:: Your task ::
Could you retype, exactly as written, every line from the top of the records through the line that contains "have ps_AB : ps"?

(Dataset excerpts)
────────────────────────────────────────

Lemma stores_divisor_powers k st r ps a :
  size ps <= 2 ^ k -> positive_factors ps -> stored st r (val a) ->
  stored (divisor_powers k st r ps).1 (divisor_powers k st r ps).2
    (flatten [seq val (a * (fvalue ps %/ pe.1)) | pe <- ps]).
Proof.
elim: k st r ps a => [|k IH] st r ps a size_ps pos_ps st_r /=.
  exact: stores_divisor_powers_base.
case: ltnP => [ps_gt1 | ps_le1]; last exact: stores_divisor_powers_base.
set A := take _ ps; set B := drop _ ps.
have ps_AB : ps = A ++ B by rewrite cat_take_drop.
have [pos_A pos_B] : positive_factors A /\ positive_factors B.
  by apply/andP; rewrite -all_cat -ps_AB.
have [size_A size_B] : size A <= 2 ^ k /\ size B <= 2 ^ k.
  by rewrite size_take size_drop; move: size_ps; rewrite expnS; case: ifP; lia.
set rB := power (fvalue B) st r (fvalue B).
have st_rB : stored rB.1 rB.2 (val (a * fvalue B)).
  by apply: stores_power; rewrite ?leqnn ?fvalue_gt0.
set sA := divisor_powers k rB.1 rB.2 A.
have st_sA : stored sA.1 sA.2 _ := IH _ _ A _ size_A pos_A st_rB.
set rA := power (fvalue A) sA.1 r (fvalue A).
have st_rA : stored rA.1 rA.2 (val (a * fvalue A)).
  apply: stores_power; rewrite ?leqnn ?fvalue_gt0 //.
  exact: stores_extends (extends_trans (power_extends _ _ _ _)
    (divisor_powers_extends _ _ _ pos_A)) st_r.
have st_sB := IH _ _ B _ size_B pos_B st_rA.
rewrite ps_AB map_cat flatten_cat; apply: stores_cat.
  have -> : [seq val (a * (fvalue (A ++ B) %/ pe.1)) | pe <- A]
          = [seq val (a * fvalue B * (fvalue A %/ pe.1)) | pe <- A].
    by apply/eq_in_map => pe pe_A; rewrite divn_fvalue_catl // mulnA.
  exact: stores_extends (extends_trans (power_extends _ _ _ _)
    (divisor_powers_extends _ _ _ pos_B)) st_sA.
have -> : [seq val (a * (fvalue (A ++ B) %/ pe.1)) | pe <- B]
        = [seq val (a * fvalue A * (fvalue B %/ pe.1)) | pe <- B].
  by apply/eq_in_map => pe pe_B; rewrite divn_fvalue_catr // mulnA.
exact: st_sB.
Qed.

End Correctness.
End FastPowers.

Local Open Scope ring_scope.

Theorem proposition3 :
  exists K : nat,
  forall (F : finFieldType) (M C : nat -> nat),
    mul_cost_bound F M -> modcomp_cost_bound F C ->
  forall (n : nat) (ps : seq (nat * nat)),
    factored_form ps ->
    let d := fvalue ps in
    let l := size ps in
    exists P : slp F,
      (slp_cost P <= K * (C n * (up_log 2 l).+1 * (up_log 2 d).+1 + l * M n))%N /\
      forall (f s : {poly F}) (t : nat),
        size f = n.+1 ->
        s = 'X ^+ (#|F| ^ t) %% f ->
        slp_eval P (coefs n.+1 f ++ coefs n s) =
          flatten [seq coefs n (sigma_pow f s (d %/ pe.1)) | pe <- ps].
Proof.
exists 2%N => F M C _ C_modcomp n ps /andP[_ ps_prime] d l.
have pos_ps : positive_factors ps.
  by apply: sub_all ps_prime => pe /andP[/prime_gt0 -> ->].
have [Q [cost_Q Q_modcomp]] := C_modcomp n.
set prog := divisor_powers Q (n.+1 + n) (input_refs 0 n.+1) (up_log 2 l) [::]
  (input_refs n.+1 n) ps.
exists (slp_of (n.+1 + n) prog.1 prog.2); split.
  have [e /= -> size_e] := divisor_powers_extends Q (n.+1 + n) (input_refs 0 n.+1)
    (up_log 2 l) [::] (input_refs n.+1 n) pos_ps.
  have le_log := trunc_log_le_up_log (isT : (1 < 2)%N) (fvalue_gt0 pos_ps).
  have := leq_mul (leq_mul (leqW le_log) (leqnn (up_log 2 l).+1)) cost_Q.
  rewrite /slp_cost /= /d; move: size_e; lia.
move=> f s t size_f s_frob; rewrite -/(frob_mod f t) in s_frob.
have size_inp : size (coefs n.+1 f ++ coefs n s) = (n.+1 + n)%N.
  by rewrite size_cat !size_coefs.
rewrite -size_inp; apply: slp_eval_of.
pose val a := coefs n (frob_mod f (t * a)%N).
have -> : [seq coefs n (sigma_pow f s (d %/ pe.1)) | pe <- ps]
        = [seq val (1 * (fvalue ps %/ pe.1))%N | pe <- ps].
  by apply/eq_map => pe; rewrite s_frob sigma_pow_frob_mod mul1n.
apply: (stores_divisor_powers (val := val)) => //.
- have := stores_input_refs [::] (coefs n.+1 f) (coefs n s).
  by rewrite size_coefs; apply.
- by move=> a b; rewrite Q_modcomp ?size_frob_mod // frob_mod_comp -mulnDr.
- exact: up_logP.
- have := stores_input_refs (coefs n.+1 f) (coefs n s) [::].
  by rewrite cats0 !size_coefs /val muln1 -s_frob.
Qed.
(* Let $G$ be a connected graph that is $(5,\epsilon)$-distance-almost-uniform. Then $G^4$ is $(2,\epsilon)$-distance-almost-uniform and $diam(G^4)=\lceil diam(G)/4\rceil$.
   Context: For a graph $G$ on $n$ vertices and $v\in V(G)$, $A_s(v)$ is the set of vertices at distance exactly $s$ from $v$. $G$ is $(k,\epsilon)$-distance-almost-uniform if there exists $r$ such that $\max_{i=0}^{k-1}|A_{r+i}(u)|\ge n(1-\epsilon)$ for all $u\in V(G)$. For an undirected graph $G=(V,E)$, $G^k$ is the graph on vertex set $V$ with edge set $\{uv: 0<d_G(u,v)\le k\}$. *)

From mathcomp Require Import all_boot all_order all_algebra.
Set Implicit Arguments. Unset Strict Implicit. Unset Printing Implicit Defensive.
Import Order.TTheory GRing.Theory Num.Theory.

Definition simple_graph (T : finType) (e : rel T) : Prop :=
  symmetric e /\ irreflexive e.

Fixpoint dist_le (T : finType) (e : rel T) (k : nat) (u v : T) : bool :=
  match k with
  | 0 => u == v
  | k'.+1 => dist_le e k' u v || [exists w, dist_le e k' u w && e w v]
  end.

(* graph distance d_G(u,v): least k with d_G(u,v) <= k (equals #|T| if unreachable;
   only used for connected graphs, where it is the true distance) *)
Definition dist (T : finType) (e : rel T) (u v : T) : nat :=
  find (fun k => dist_le e k u v) (iota 0 #|T|).

Definition connected (T : finType) (e : rel T) : Prop :=
  forall u v : T, connect e u v.

Definition sphere (T : finType) (e : rel T) (s : nat) (v : T) : {set T} :=
  [set x | dist e v x == s].

Definition dist_almost_uniform (R : realFieldType) (T : finType) (e : rel T)
    (k : nat) (eps : R) : Prop :=
  exists r : nat, forall u : T,
    (#|T|%:R * (1 - eps) <= (\max_(i < k) #|sphere e (r + i) u|)%:R)%R.

Definition graph_pow (T : finType) (e : rel T) (k : nat) : rel T :=
  fun u v => (u != v) && dist_le e k u v.

Definition diam (T : finType) (e : rel T) : nat :=
  \max_(u : T) \max_(v : T) dist e u v.

From mathcomp Require Import all_boot all_order all_algebra.
From mathcomp Require Import zify.
Set Implicit Arguments. Unset Strict Implicit. Unset Printing Implicit Defensive.
Import Order.TTheory GRing.Theory Num.Theory.

(* A walk of length at most m * n in G is exactly a walk of at most n steps of
   G^m (cut it into blocks of m steps), so d_{G^m}(u,v) = ceil (d_G(u,v) / m).
   Taking maxima gives the diameter of G^m; and s |-> ceil (s / m) maps the
   m + 1 consecutive radii r, ..., r + m to ceil (r / m) or ceil (r / m) + 1,
   so every G-sphere of that window lies inside one of two consecutive
   G^m-spheres. *)

Lemma leq_ceil_divLR d m q : 0 < m -> ((d + m.-1) %/ m <= q) = (d <= q * m).
Proof. by move=> m_gt0; rewrite -ltnS ltn_divLR // mulSn; lia. Qed.

Lemma bigmax_nondecreasing (I : finType) (f : nat -> nat) (F : I -> nat) :
  {homo f : a b / a <= b} -> f 0 = 0 ->
  f (\max_(i : I) F i) = \max_(i : I) f (F i).
Proof.
move=> f_homo f0; apply: (big_morph f _ f0) => a b.
by case: (leqP a b) => [ab | /ltnW ba];
  [rewrite !(maxn_idPr _) ?f_homo | rewrite !(maxn_idPl _) ?f_homo].
Qed.

Section Walks.
Variables (T : finType) (f : rel T).

Lemma dist_le_leq k k' u v :
  k <= k' -> dist_le f k u v -> dist_le f k' u v.
Proof.
move=> /subnKC <-; elim: (k' - k) => [|n IHn] ukv; first by rewrite addn0.
by rewrite addnS /= IHn.
Qed.

Lemma dist_le_addP a b u v :
  reflect (exists2 w, dist_le f a u w & dist_le f b w v) (dist_le f (a + b) u v).
Proof.
elim: b v => [|b IHb] v.
  rewrite addn0; apply: (iffP idP) => [uav | [w uaw /eqP <-] //].
  by exists v; rewrite /=.
rewrite addnS /=; apply: (iffP orP).
  case=> [/IHb [w uaw wbv] | /existsP [x /andP [/IHb [w uaw wbx] xv]]].
    by exists w; rewrite //= wbv.
  by exists w; rewrite //=; apply/orP; right; apply/existsP; exists x; rewrite wbx.
case=> w uaw /orP [wbv | /existsP [x /andP [wbx xv]]].
  by left; apply/IHb; exists w.
by right; apply/existsP; exists x; rewrite xv andbT; apply/IHb; exists w.
Qed.

Lemma dist_le_path x p : path f x p -> dist_le f (size p) x (last x p).
Proof.
elim: p x => [|y p IHp] x; first by rewrite /= eqxx.
case/andP=> fxy yp; rewrite -[size _]add1n.
apply/dist_le_addP; exists y; last exact: IHp.
by apply/orP; right; apply/existsP; exists x; rewrite eqxx.
Qed.

(* A shortest walk visits no vertex twice, hence has fewer than #|T| steps. *)
Lemma dist_le_connect u v : connect f u v -> dist_le f #|T|.-1 u v.
Proof.
case/connectP=> p fp ->; have [q fq uq _] := shortenP fp.
apply: dist_le_leq (dist_le_path fq).
by have := max_card (mem (u :: q)); rewrite (card_uniqP uq) /=; lia.
Qed.

Lemma dist_leE u v n :
  dist_le f #|T|.-1 u v -> dist_le f n u v = (dist f u v <= n).
Proof.
move=> reach; have T_gt0 : 0 < #|T| by apply/card_gt0P; exists u.
have has_radius : has (fun k => dist_le f k u v) (iota 0 #|T|).
  by apply/hasP; exists #|T|.-1; rewrite // mem_iota; lia.
have dist_lt : dist f u v < #|T| by rewrite -[#|T|](size_iota 0) -has_find.
apply/idP/idP => [unv | /dist_le_leq]; last first.
  by apply; have := nth_find 0 has_radius; rewrite nth_iota // add0n.
rewrite leqNgt; apply/negP => ltn_dist.
by have := before_find 0 ltn_dist; rewrite nth_iota ?add0n ?unv //; lia.
Qed.

End Walks.

Section GraphPower.
Variables (T : finType) (e : rel T) (m : nat).

Lemma dist_le_graph_pow n u v :
  dist_le (graph_pow e m) n u v = dist_le e (m * n) u v.
Proof.
elim: n v => [|n IHn] v; first by rewrite muln0.
rewrite mulnS addnC; apply/idP/dist_le_addP.
  case/orP=> [unv | /existsP [w /andP [unw /andP [_ wmv]]]].
    by exists v; rewrite -?IHn // (dist_le_leq (leq0n m)) /=.
  by exists w; rewrite -?IHn.
case=> w unw wmv; have [<- | wv] := eqVneq w v.
  by apply: (dist_le_leq (leqnSn n)); rewrite IHn.
rewrite /=; apply/orP; right; apply/existsP; exists w.
by rewrite IHn unw /graph_pow wv.
Qed.

Hypotheses (e_connected : connected e) (m_gt0 : 0 < m).

Lemma dist_graph_pow u v :
  dist (graph_pow e m) u v = (dist e u v + m.-1) %/ m.
Proof.
have reach := dist_le_connect (e_connected u v).
have reach_pow : dist_le (graph_pow e m) #|T|.-1 u v.
  by rewrite dist_le_graph_pow (dist_le_leq _ reach) ?leq_pmull.
have le_dist n : (dist (graph_pow e m) u v <= n) = ((dist e u v + m.-1) %/ m <= n).
  by rewrite -(dist_leE _ reach_pow) dist_le_graph_pow (dist_leE _ reach)
             leq_ceil_divLR // mulnC.
by apply/eqP; rewrite eqn_leq le_dist leqnn -le_dist leqnn.
Qed.

Lemma sphere_sub_graph_pow s u :
  sphere e s u \subset sphere (graph_pow e m) ((s + m.-1) %/ m) u.
Proof. by apply/subsetP => x; rewrite !inE dist_graph_pow => /eqP ->. Qed.

Lemma diam_graph_pow : diam (graph_pow e m) = (diam e + m.-1) %/ m.
Proof.
have ceil_homo : {homo (fun d => (d + m.-1) %/ m) : a b / a <= b}.
  by move=> a b ab; apply: leq_div2r; rewrite leq_add2r.
have ceil0 : (0 + m.-1) %/ m = 0 by rewrite divn_small //; lia.
have ceil_max I F := bigmax_nondecreasing (I := I) F ceil_homo ceil0.
rewrite /diam /= ceil_max; apply: eq_bigr => u _.
by rewrite ceil_max; apply: eq_bigr => v _; rewrite dist_graph_pow.
Qed.

Lemma dist_almost_uniform_graph_pow (R : realFieldType) (eps : R) :
  dist_almost_uniform e m.+1 eps -> dist_almost_uniform (graph_pow e m) 2 eps.
Proof.
case=> r unif; set c := (r + m.-1) %/ m; exists c => u.
apply: le_trans (unif u) _; rewrite ler_nat; apply/bigmax_leqP => i _.
have c_le : c <= (r + i + m.-1) %/ m by apply: leq_div2r; lia.
have le_c1 : (r + i + m.-1) %/ m <= c.+1.
  have r_le : r <= c * m by rewrite -leq_ceil_divLR.
  by rewrite leq_ceil_divLR // mulSn; have := ltn_ord i; lia.
have j_lt2 : (r + i + m.-1) %/ m - c < 2 by lia.
apply: leq_trans (leq_bigmax_cond (Ordinal j_lt2) isT).
by rewrite /= subnKC // subset_leq_card ?sphere_sub_graph_pow.
Qed.

End GraphPower.

Theorem proposition10 (R : realFieldType) (T : finType) (e : rel T) (eps : R) :
  simple_graph e -> connected e -> dist_almost_uniform e 5 eps ->
  dist_almost_uniform (graph_pow e 4) 2 eps /\
  diam (graph_pow e 4) = (diam e + 3) %/ 4.
Proof.
move=> _ e_connected unif; split.
  exact: (dist_almost_uniform_graph_pow e_connected (isT : 0 < 4)).
exact: (diam_graph_pow e_connected (isT : 0 < 4)).
Qed.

────────────────────────────────────────

:: Output for this task ::
Lemma stores_divisor_powers k st r ps a :
  size ps <= 2 ^ k -> positive_factors ps -> stored st r (val a) ->
  stored (divisor_powers k st r ps).1 (divisor_powers k st r ps).2
    (flatten [seq val (a * (fvalue ps %/ pe.1)) | pe <- ps]).
Proof.
elim: k st r ps a => [|k IH] st r ps a size_ps pos_ps st_r /=.
  exact: stores_divisor_powers_base.
case: ltnP => [ps_gt1 | ps_le1]; last exact: stores_divisor_powers_base.
set A := take _ ps; set B := drop _ ps.
have ps_AB : ps = A ++ B by rewrite cat_take_drop.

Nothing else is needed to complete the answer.